### Work item:
In the entries below, which lines run from the one containing "have gs x : S" to the one containing "split=> //; exists f."? Copy exactly those lines, ends included, and no others.

***** Dataset entries *****

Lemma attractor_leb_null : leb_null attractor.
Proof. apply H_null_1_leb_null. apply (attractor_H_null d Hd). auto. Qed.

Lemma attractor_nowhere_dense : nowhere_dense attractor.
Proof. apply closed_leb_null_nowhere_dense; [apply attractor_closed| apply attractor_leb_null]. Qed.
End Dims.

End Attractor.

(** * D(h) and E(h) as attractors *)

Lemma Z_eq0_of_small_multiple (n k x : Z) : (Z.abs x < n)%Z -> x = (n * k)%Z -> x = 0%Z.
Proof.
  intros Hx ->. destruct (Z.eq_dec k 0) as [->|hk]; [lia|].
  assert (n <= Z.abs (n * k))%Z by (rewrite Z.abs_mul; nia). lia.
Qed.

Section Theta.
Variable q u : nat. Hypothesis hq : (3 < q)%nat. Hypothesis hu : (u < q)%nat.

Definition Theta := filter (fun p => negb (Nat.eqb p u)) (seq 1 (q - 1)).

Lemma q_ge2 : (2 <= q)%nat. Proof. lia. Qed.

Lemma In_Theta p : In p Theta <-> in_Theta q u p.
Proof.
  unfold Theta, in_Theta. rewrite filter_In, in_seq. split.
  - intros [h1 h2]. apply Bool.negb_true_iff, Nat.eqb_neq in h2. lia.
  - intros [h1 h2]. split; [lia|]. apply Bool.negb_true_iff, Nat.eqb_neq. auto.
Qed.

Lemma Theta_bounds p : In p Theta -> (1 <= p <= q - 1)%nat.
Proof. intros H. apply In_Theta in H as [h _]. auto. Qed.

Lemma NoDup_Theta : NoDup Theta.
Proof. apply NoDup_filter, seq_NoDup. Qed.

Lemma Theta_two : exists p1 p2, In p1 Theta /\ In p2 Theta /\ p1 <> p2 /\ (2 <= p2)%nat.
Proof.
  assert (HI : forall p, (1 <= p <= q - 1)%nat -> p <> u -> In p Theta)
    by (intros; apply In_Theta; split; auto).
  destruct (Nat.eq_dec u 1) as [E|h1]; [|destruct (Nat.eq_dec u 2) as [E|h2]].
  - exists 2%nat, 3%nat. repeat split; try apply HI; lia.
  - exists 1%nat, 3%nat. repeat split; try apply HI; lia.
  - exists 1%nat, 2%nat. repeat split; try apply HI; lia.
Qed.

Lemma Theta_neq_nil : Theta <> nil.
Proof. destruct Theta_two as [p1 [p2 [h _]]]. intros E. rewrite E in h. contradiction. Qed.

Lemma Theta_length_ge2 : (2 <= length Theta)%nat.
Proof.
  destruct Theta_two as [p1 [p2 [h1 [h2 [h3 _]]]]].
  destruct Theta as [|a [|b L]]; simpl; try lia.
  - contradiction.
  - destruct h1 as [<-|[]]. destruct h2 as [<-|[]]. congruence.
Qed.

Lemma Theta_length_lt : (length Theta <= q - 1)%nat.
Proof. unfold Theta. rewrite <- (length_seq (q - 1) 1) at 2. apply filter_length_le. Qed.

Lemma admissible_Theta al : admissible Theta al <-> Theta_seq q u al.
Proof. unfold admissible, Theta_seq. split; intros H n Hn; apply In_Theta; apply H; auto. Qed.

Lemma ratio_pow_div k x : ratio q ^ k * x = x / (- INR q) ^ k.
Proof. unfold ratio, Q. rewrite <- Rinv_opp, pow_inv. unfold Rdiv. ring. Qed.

*****
***** Dataset entries *****

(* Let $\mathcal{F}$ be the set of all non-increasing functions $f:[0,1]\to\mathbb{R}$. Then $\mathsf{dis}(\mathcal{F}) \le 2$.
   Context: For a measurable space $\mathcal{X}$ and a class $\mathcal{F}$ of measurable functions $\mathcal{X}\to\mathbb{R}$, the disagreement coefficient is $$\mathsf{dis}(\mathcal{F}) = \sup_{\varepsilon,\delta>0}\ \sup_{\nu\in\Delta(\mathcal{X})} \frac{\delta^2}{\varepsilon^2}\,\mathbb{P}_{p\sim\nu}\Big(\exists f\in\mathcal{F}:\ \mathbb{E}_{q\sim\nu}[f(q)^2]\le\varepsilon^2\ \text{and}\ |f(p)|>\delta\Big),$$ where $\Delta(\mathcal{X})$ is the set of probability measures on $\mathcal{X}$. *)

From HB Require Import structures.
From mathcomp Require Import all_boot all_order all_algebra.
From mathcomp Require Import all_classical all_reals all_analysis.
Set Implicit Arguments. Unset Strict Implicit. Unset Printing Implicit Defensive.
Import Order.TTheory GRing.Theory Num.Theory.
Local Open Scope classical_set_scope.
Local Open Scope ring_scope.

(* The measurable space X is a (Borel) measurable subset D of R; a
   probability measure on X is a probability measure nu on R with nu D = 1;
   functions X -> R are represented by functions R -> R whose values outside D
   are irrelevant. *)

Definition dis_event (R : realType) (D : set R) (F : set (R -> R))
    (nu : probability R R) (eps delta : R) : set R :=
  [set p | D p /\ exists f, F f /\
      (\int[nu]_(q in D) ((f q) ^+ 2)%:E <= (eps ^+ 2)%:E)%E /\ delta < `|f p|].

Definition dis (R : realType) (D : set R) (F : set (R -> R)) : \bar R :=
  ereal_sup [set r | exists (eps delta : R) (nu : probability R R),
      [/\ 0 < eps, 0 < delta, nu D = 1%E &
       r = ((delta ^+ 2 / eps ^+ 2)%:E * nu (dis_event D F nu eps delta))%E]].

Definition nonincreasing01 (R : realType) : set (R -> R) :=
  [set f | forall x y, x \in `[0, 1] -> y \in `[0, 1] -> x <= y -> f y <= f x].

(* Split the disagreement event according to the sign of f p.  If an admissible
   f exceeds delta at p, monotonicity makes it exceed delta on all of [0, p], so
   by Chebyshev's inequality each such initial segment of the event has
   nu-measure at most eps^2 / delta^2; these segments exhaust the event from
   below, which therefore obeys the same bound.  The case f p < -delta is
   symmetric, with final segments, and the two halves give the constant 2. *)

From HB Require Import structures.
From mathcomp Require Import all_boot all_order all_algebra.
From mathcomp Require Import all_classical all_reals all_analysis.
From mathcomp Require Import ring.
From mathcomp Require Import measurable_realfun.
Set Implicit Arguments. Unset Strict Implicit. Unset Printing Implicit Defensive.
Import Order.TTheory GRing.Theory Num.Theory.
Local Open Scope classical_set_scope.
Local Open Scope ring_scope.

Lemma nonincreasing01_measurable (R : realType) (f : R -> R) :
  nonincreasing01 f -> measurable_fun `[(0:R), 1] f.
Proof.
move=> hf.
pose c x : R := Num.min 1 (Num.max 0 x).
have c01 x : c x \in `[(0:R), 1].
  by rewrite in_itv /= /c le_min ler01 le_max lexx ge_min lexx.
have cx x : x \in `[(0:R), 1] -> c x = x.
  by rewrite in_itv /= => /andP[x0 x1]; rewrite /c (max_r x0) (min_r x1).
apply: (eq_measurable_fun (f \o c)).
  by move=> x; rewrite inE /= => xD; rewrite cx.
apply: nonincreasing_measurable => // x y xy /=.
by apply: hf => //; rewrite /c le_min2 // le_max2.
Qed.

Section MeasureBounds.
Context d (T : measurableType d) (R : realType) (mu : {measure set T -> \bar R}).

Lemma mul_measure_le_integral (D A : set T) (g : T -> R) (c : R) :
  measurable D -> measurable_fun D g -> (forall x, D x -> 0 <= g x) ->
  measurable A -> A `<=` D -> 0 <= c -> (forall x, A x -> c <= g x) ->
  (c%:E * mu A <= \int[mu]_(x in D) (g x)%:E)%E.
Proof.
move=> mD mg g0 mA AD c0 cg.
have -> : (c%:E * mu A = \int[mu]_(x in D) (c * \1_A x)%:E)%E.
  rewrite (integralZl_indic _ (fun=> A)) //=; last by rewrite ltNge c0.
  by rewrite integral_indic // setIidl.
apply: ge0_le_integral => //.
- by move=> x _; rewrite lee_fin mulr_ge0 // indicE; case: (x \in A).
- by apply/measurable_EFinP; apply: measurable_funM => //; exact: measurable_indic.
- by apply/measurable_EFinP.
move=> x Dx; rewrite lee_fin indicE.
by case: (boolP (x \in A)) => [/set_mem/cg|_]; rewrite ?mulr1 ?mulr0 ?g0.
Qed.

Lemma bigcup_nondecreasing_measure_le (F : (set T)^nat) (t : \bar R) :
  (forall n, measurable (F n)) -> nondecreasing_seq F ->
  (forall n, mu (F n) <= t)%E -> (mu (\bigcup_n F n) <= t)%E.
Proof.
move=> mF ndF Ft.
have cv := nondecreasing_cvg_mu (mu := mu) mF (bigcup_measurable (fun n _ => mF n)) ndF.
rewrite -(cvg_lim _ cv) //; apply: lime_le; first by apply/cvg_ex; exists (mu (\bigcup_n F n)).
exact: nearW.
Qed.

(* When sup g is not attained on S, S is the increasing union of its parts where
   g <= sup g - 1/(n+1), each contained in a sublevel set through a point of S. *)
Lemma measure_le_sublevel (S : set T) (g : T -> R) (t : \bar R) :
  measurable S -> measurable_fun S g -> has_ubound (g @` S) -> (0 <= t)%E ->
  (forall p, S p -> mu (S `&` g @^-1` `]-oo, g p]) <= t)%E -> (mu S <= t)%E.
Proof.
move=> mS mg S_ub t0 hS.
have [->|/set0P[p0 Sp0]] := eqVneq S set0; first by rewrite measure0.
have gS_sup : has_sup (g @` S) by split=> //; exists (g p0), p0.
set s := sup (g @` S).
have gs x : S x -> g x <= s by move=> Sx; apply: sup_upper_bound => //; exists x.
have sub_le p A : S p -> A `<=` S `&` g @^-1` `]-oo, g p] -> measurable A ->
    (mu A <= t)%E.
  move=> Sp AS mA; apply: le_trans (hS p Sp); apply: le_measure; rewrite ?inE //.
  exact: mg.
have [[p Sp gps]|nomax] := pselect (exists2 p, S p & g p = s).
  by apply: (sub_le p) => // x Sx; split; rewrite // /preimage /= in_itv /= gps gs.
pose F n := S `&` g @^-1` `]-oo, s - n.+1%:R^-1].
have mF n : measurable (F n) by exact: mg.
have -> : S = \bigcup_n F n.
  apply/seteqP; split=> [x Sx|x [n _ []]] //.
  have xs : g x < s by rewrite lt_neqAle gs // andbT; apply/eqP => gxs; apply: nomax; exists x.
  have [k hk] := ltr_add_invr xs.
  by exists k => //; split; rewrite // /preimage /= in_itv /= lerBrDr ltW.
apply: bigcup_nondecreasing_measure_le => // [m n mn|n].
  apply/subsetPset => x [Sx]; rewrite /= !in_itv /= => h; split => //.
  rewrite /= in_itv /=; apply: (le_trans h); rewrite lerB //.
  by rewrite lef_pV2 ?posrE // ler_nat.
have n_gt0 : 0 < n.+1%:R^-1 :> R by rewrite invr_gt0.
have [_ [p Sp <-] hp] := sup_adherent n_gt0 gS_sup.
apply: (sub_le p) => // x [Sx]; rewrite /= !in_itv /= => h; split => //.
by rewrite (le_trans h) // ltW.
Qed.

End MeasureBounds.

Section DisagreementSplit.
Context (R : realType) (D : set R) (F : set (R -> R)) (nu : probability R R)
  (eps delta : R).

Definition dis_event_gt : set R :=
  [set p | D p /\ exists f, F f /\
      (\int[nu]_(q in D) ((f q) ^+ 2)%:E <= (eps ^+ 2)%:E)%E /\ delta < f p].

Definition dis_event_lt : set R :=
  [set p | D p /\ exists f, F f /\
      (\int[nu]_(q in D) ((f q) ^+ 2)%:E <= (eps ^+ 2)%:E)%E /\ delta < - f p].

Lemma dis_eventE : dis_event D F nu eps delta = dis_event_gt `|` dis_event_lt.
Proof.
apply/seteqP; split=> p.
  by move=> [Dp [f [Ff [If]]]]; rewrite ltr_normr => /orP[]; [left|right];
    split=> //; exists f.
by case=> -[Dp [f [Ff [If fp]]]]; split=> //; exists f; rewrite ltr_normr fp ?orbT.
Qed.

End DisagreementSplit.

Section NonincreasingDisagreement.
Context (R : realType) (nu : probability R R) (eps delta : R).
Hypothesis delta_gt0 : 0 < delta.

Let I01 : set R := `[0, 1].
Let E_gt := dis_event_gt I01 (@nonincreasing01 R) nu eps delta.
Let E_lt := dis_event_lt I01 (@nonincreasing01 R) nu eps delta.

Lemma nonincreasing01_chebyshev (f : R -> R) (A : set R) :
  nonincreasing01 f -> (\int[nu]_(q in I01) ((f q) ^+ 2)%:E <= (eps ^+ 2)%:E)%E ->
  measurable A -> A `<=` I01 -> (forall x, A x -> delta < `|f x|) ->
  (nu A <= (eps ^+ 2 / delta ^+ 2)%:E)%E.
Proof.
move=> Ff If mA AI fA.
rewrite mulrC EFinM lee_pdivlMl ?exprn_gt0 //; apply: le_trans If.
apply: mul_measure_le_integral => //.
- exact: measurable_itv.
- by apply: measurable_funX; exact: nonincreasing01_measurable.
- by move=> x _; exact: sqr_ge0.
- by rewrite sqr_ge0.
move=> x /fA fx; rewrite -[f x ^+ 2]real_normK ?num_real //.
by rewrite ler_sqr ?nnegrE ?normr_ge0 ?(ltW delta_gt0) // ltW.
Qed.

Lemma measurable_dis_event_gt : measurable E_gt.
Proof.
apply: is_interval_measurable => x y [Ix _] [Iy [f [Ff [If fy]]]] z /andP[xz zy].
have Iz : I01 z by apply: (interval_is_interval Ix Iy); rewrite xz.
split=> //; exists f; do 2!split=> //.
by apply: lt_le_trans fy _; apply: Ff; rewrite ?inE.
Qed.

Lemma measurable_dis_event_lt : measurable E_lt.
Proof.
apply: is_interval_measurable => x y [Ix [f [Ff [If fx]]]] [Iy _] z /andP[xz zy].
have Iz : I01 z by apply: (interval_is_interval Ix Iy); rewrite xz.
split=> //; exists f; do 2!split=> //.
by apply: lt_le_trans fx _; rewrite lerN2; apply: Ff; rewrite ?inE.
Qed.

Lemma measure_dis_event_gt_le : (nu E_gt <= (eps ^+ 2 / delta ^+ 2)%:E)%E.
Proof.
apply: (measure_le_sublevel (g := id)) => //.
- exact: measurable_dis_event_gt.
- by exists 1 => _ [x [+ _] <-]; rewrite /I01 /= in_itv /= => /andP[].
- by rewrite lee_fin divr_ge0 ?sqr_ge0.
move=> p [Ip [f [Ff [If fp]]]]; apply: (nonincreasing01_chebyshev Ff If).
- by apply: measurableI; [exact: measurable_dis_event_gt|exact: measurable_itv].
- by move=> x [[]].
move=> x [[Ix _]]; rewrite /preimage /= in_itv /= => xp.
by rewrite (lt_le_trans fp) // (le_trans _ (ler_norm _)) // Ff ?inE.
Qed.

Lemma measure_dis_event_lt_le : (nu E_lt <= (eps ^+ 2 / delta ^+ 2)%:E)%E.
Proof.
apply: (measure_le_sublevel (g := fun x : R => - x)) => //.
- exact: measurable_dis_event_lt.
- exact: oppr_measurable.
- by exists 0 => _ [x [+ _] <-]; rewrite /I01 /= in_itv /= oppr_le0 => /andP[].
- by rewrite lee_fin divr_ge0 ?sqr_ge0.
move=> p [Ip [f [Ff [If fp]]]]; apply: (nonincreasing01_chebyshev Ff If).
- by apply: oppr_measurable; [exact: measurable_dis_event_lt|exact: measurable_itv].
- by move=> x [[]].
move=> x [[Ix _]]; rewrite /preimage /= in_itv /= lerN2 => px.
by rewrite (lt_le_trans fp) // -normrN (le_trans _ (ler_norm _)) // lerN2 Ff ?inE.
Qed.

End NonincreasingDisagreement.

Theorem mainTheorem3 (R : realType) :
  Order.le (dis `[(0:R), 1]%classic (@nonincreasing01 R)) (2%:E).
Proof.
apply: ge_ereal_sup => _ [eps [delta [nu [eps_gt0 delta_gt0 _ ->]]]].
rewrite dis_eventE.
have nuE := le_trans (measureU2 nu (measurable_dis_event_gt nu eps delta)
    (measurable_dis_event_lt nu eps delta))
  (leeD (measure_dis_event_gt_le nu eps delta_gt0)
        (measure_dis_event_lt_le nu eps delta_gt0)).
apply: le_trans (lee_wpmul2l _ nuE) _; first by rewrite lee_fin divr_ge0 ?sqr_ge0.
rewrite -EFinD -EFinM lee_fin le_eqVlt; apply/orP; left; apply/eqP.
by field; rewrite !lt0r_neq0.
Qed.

*****

### Solution for this exercise:
have gs x : S x -> g x <= s by move=> Sx; apply: sup_upper_bound => //; exists x.
have sub_le p A : S p -> A `<=` S `&` g @^-1` `]-oo, g p] -> measurable A ->
    (mu A <= t)%E.
  move=> Sp AS mA; apply: le_trans (hS p Sp); apply: le_measure; rewrite ?inE //.
  exact: mg.
have [[p Sp gps]|nomax] := pselect (exists2 p, S p & g p = s).
  by apply: (sub_le p) => // x Sx; split; rewrite // /preimage /= in_itv /= gps gs.
pose F n := S `&` g @^-1` `]-oo, s - n.+1%:R^-1].
have mF n : measurable (F n) by exact: mg.
have -> : S = \bigcup_n F n.
  apply/seteqP; split=> [x Sx|x [n _ []]] //.
  have xs : g x < s by rewrite lt_neqAle gs // andbT; apply/eqP => gxs; apply: nomax; exists x.
  have [k hk] := ltr_add_invr xs.
  by exists k => //; split; rewrite // /preimage /= in_itv /= lerBrDr ltW.
apply: bigcup_nondecreasing_measure_le => // [m n mn|n].
  apply/subsetPset => x [Sx]; rewrite /= !in_itv /= => h; split => //.
  rewrite /= in_itv /=; apply: (le_trans h); rewrite lerB //.
  by rewrite lef_pV2 ?posrE // ler_nat.
have n_gt0 : 0 < n.+1%:R^-1 :> R by rewrite invr_gt0.
have [_ [p Sp <-] hp] := sup_adherent n_gt0 gS_sup.
apply: (sub_le p) => // x [Sx]; rewrite /= !in_itv /= => h; split => //.
by rewrite (le_trans h) // ltW.
Qed.

End MeasureBounds.

Section DisagreementSplit.
Context (R : realType) (D : set R) (F : set (R -> R)) (nu : probability R R)
  (eps delta : R).

Definition dis_event_gt : set R :=
  [set p | D p /\ exists f, F f /\
      (\int[nu]_(q in D) ((f q) ^+ 2)%:E <= (eps ^+ 2)%:E)%E /\ delta < f p].

Definition dis_event_lt : set R :=
  [set p | D p /\ exists f, F f /\
      (\int[nu]_(q in D) ((f q) ^+ 2)%:E <= (eps ^+ 2)%:E)%E /\ delta < - f p].

Lemma dis_eventE : dis_event D F nu eps delta = dis_event_gt `|` dis_event_lt.
Proof.
apply/seteqP; split=> p.
  by move=> [Dp [f [Ff [If]]]]; rewrite ltr_normr => /orP[]; [left|right];
    split=> //; exists f.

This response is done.